Include in the output the line containing "by rewrite mul0n addn0." and each subsequent line of the records, through the end, transcribed exactly. Add nothing else.
BEGIN Given records
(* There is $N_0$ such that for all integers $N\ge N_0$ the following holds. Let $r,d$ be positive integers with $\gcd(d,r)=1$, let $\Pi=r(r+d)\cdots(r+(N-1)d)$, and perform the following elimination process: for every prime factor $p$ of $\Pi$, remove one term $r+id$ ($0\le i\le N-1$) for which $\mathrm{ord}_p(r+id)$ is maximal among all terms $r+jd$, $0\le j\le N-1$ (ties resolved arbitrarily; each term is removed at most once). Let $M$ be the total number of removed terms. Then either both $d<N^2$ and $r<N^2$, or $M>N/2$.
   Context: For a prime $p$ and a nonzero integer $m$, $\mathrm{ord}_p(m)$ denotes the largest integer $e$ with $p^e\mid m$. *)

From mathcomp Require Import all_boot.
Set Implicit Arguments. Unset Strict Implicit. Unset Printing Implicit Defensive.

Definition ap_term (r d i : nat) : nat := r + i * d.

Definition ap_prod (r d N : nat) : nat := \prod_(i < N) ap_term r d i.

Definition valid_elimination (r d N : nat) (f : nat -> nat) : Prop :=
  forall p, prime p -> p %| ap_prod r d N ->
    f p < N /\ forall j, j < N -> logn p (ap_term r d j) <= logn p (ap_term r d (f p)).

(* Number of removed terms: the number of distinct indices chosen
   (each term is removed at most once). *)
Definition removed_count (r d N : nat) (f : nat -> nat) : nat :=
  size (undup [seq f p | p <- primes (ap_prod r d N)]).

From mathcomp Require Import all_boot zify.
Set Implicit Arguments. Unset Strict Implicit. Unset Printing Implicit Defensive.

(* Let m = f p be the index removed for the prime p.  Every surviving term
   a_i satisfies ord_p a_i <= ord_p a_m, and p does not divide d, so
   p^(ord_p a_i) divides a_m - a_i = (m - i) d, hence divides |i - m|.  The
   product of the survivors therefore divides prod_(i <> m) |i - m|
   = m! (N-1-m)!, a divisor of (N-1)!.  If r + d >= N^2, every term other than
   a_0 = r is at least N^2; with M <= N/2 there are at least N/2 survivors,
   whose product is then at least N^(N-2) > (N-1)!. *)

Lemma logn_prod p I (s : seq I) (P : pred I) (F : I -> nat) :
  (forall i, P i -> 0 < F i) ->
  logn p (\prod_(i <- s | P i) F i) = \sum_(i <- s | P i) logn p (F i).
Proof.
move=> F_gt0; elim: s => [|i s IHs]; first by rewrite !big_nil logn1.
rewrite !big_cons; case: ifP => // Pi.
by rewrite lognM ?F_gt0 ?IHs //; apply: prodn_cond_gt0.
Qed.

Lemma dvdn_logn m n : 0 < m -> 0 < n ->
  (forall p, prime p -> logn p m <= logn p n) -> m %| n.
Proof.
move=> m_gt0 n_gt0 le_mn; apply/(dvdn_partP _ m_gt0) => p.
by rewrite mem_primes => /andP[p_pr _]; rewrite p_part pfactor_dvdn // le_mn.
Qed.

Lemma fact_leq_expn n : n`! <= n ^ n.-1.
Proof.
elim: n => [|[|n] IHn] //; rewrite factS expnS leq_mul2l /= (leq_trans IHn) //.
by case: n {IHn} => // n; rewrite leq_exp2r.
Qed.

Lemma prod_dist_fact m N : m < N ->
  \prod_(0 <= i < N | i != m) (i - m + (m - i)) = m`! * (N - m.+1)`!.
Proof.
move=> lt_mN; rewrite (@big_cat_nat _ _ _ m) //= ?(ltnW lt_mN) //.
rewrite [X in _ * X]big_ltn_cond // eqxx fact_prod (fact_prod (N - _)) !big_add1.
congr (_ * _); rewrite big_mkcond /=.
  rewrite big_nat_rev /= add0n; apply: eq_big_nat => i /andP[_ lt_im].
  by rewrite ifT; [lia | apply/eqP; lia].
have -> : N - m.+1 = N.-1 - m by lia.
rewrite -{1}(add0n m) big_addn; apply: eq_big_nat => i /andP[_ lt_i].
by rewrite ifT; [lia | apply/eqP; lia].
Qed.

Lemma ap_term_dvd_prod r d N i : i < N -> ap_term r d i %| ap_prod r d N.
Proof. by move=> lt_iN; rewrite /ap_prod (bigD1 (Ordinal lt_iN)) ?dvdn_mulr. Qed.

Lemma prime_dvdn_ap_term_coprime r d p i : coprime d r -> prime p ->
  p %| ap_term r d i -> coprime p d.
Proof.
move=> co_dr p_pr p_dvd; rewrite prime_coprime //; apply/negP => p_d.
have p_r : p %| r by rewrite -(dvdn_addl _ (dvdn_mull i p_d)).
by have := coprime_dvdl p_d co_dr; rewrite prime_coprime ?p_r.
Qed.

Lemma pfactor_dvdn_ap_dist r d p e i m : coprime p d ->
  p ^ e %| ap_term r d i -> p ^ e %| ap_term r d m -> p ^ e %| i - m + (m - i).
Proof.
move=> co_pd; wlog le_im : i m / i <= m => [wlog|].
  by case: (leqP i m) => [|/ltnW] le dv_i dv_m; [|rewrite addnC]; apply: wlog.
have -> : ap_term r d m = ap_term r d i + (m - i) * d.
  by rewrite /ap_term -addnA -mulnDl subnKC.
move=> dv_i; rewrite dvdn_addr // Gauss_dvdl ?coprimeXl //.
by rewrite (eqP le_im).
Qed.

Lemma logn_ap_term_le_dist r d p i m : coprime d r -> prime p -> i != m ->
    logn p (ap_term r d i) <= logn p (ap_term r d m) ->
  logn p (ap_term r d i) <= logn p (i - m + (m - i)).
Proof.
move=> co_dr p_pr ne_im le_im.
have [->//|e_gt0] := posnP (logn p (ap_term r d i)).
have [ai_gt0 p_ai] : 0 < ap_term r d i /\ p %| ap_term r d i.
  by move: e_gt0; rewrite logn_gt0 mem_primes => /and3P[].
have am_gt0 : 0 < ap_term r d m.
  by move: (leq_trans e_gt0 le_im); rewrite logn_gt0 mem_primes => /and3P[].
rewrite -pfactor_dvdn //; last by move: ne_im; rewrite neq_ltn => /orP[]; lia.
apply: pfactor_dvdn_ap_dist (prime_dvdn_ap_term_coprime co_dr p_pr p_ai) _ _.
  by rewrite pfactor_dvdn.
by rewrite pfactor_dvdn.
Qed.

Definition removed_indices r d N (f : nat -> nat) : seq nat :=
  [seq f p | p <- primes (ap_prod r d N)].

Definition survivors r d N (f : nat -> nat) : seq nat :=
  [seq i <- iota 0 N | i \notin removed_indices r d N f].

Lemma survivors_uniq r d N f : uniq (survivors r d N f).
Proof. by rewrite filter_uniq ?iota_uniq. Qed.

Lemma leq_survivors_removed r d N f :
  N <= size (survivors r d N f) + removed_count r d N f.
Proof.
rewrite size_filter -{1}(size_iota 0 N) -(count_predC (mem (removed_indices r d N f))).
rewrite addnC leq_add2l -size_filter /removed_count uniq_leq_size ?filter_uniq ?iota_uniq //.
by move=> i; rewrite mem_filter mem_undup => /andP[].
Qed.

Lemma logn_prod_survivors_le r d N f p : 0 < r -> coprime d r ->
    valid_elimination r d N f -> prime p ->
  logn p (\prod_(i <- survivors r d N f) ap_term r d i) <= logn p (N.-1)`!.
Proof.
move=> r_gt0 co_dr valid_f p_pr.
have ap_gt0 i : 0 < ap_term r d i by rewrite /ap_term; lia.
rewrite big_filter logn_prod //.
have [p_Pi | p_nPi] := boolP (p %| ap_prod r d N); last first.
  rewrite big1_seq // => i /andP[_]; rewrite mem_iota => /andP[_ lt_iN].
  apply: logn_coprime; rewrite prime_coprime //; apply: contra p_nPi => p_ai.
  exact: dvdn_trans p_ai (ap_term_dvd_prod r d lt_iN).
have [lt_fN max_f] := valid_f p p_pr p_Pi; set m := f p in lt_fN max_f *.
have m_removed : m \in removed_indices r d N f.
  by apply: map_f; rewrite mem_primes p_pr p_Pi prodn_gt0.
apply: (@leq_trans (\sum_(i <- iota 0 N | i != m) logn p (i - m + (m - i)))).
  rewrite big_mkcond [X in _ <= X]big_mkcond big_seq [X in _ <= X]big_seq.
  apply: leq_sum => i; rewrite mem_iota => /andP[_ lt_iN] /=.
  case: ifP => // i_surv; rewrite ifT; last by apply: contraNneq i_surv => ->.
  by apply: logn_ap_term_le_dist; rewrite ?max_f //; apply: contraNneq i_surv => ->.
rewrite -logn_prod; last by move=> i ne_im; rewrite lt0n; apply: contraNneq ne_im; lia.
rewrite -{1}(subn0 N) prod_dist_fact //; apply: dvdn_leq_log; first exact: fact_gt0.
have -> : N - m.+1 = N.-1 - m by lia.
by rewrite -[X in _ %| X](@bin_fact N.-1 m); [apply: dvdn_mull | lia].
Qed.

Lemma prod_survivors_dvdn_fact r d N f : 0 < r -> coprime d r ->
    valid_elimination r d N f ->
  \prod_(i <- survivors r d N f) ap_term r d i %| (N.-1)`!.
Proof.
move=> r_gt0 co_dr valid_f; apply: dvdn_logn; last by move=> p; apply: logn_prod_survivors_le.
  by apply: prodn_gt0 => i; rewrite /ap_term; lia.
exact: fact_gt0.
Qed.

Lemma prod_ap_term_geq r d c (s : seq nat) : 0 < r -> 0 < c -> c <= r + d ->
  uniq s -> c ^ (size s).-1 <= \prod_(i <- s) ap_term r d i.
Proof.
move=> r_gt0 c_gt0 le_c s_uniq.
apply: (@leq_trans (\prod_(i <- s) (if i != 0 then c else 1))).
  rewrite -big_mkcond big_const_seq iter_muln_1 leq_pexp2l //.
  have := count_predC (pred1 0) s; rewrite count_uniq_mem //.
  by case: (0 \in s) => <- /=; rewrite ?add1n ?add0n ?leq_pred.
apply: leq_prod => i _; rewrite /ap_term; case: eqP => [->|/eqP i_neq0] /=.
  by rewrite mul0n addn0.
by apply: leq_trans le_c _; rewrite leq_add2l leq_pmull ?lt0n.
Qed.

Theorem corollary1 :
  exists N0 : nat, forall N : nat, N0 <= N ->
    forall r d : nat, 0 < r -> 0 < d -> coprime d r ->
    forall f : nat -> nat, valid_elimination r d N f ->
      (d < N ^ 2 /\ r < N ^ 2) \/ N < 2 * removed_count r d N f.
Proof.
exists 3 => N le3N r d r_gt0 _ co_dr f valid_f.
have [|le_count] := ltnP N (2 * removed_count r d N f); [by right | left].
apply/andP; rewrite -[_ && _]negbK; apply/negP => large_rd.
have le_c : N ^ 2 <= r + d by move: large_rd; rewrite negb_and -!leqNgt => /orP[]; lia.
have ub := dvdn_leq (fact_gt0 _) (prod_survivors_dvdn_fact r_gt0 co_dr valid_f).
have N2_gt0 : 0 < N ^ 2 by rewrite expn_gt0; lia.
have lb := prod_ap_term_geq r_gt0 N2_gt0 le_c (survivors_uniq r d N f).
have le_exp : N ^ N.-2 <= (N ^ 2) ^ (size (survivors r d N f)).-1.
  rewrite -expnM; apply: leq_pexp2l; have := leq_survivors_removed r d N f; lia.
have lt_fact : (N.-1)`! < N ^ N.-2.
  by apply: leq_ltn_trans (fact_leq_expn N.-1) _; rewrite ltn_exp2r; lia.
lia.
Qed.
END Given records
■ Solution ■
  by rewrite mul0n addn0.
by apply: leq_trans le_c _; rewrite leq_add2l leq_pmull ?lt0n.
Qed.

Theorem corollary1 :
  exists N0 : nat, forall N : nat, N0 <= N ->
    forall r d : nat, 0 < r -> 0 < d -> coprime d r ->
    forall f : nat -> nat, valid_elimination r d N f ->
      (d < N ^ 2 /\ r < N ^ 2) \/ N < 2 * removed_count r d N f.
Proof.
exists 3 => N le3N r d r_gt0 _ co_dr f valid_f.
have [|le_count] := ltnP N (2 * removed_count r d N f); [by right | left].
apply/andP; rewrite -[_ && _]negbK; apply/negP => large_rd.
have le_c : N ^ 2 <= r + d by move: large_rd; rewrite negb_and -!leqNgt => /orP[]; lia.
have ub := dvdn_leq (fact_gt0 _) (prod_survivors_dvdn_fact r_gt0 co_dr valid_f).
have N2_gt0 : 0 < N ^ 2 by rewrite expn_gt0; lia.
have lb := prod_ap_term_geq r_gt0 N2_gt0 le_c (survivors_uniq r d N f).
have le_exp : N ^ N.-2 <= (N ^ 2) ^ (size (survivors r d N f)).-1.
  rewrite -expnM; apply: leq_pexp2l; have := leq_survivors_removed r d N f; lia.
have lt_fact : (N.-1)`! < N ^ N.-2.
  by apply: leq_ltn_trans (fact_leq_expn N.-1) _; rewrite ltn_exp2r; lia.
lia.
Qed.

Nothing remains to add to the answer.